[Opening Exercise materials section]
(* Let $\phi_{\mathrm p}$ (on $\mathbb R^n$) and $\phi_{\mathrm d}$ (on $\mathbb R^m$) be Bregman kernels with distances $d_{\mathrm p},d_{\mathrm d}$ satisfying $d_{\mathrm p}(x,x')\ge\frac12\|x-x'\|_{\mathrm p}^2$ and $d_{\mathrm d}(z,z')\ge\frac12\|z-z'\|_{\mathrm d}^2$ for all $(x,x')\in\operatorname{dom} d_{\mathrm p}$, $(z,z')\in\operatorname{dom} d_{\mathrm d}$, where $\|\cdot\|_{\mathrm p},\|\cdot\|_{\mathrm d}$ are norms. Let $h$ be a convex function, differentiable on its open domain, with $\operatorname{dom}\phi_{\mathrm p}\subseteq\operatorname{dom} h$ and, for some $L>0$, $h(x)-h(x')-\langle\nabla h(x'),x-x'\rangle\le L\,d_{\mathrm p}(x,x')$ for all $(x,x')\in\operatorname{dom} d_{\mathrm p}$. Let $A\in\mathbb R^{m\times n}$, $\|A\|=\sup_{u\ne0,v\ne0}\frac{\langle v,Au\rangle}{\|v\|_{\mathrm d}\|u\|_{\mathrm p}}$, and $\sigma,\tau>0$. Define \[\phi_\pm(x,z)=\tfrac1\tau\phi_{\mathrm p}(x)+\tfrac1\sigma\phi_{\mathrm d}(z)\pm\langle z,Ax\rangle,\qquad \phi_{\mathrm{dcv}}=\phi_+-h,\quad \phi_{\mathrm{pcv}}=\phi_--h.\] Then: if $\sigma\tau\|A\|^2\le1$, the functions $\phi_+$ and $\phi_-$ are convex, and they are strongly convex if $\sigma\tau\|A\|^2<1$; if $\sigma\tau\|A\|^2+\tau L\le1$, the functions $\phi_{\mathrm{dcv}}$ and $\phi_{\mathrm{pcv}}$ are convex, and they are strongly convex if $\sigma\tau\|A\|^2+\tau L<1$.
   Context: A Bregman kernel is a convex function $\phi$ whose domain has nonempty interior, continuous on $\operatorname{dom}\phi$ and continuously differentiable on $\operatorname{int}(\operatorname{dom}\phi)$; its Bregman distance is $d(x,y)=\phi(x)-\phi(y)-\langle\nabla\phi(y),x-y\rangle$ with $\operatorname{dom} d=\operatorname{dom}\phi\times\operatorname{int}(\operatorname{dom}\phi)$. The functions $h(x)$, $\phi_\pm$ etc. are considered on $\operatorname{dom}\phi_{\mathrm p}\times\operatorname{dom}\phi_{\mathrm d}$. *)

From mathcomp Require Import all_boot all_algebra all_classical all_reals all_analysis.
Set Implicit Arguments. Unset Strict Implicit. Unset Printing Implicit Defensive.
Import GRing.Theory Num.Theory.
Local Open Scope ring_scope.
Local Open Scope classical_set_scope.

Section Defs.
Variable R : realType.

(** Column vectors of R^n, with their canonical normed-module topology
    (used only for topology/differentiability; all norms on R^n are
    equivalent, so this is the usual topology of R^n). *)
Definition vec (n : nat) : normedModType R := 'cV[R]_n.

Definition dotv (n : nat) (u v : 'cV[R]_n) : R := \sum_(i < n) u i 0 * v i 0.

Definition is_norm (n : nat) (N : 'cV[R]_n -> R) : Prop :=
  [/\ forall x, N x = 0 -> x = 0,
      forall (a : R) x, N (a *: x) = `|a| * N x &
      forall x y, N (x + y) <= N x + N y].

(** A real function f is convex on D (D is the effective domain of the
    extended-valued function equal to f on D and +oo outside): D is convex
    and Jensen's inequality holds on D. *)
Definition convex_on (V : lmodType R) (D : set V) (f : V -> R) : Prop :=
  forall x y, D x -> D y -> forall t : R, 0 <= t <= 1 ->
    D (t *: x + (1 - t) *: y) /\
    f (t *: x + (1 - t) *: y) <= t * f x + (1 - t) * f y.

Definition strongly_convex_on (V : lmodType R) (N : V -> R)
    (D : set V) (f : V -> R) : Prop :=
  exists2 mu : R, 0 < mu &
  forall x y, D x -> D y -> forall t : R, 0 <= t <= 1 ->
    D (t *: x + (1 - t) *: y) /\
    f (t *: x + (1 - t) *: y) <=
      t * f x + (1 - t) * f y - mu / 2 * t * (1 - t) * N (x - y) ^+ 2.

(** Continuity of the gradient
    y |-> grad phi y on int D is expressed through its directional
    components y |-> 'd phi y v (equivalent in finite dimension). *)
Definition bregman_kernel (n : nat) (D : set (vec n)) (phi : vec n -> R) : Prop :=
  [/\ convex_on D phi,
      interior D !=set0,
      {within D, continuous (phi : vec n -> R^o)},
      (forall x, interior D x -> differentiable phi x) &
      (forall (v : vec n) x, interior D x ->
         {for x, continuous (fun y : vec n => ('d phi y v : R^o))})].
[Closing Exercise materials section]
Exercise instructions.
Copy out the range of lines above starting at the line with "Definition vec (n" and ending at the line with "exists2 mu : R, 0 < mu &", exactly and including both.

Written response.
Definition vec (n : nat) : normedModType R := 'cV[R]_n.

Definition dotv (n : nat) (u v : 'cV[R]_n) : R := \sum_(i < n) u i 0 * v i 0.

Definition is_norm (n : nat) (N : 'cV[R]_n -> R) : Prop :=
  [/\ forall x, N x = 0 -> x = 0,
      forall (a : R) x, N (a *: x) = `|a| * N x &
      forall x y, N (x + y) <= N x + N y].

(** A real function f is convex on D (D is the effective domain of the
    extended-valued function equal to f on D and +oo outside): D is convex
    and Jensen's inequality holds on D. *)
Definition convex_on (V : lmodType R) (D : set V) (f : V -> R) : Prop :=
  forall x y, D x -> D y -> forall t : R, 0 <= t <= 1 ->
    D (t *: x + (1 - t) *: y) /\
    f (t *: x + (1 - t) *: y) <= t * f x + (1 - t) * f y.

Definition strongly_convex_on (V : lmodType R) (N : V -> R)
    (D : set V) (f : V -> R) : Prop :=
  exists2 mu : R, 0 < mu &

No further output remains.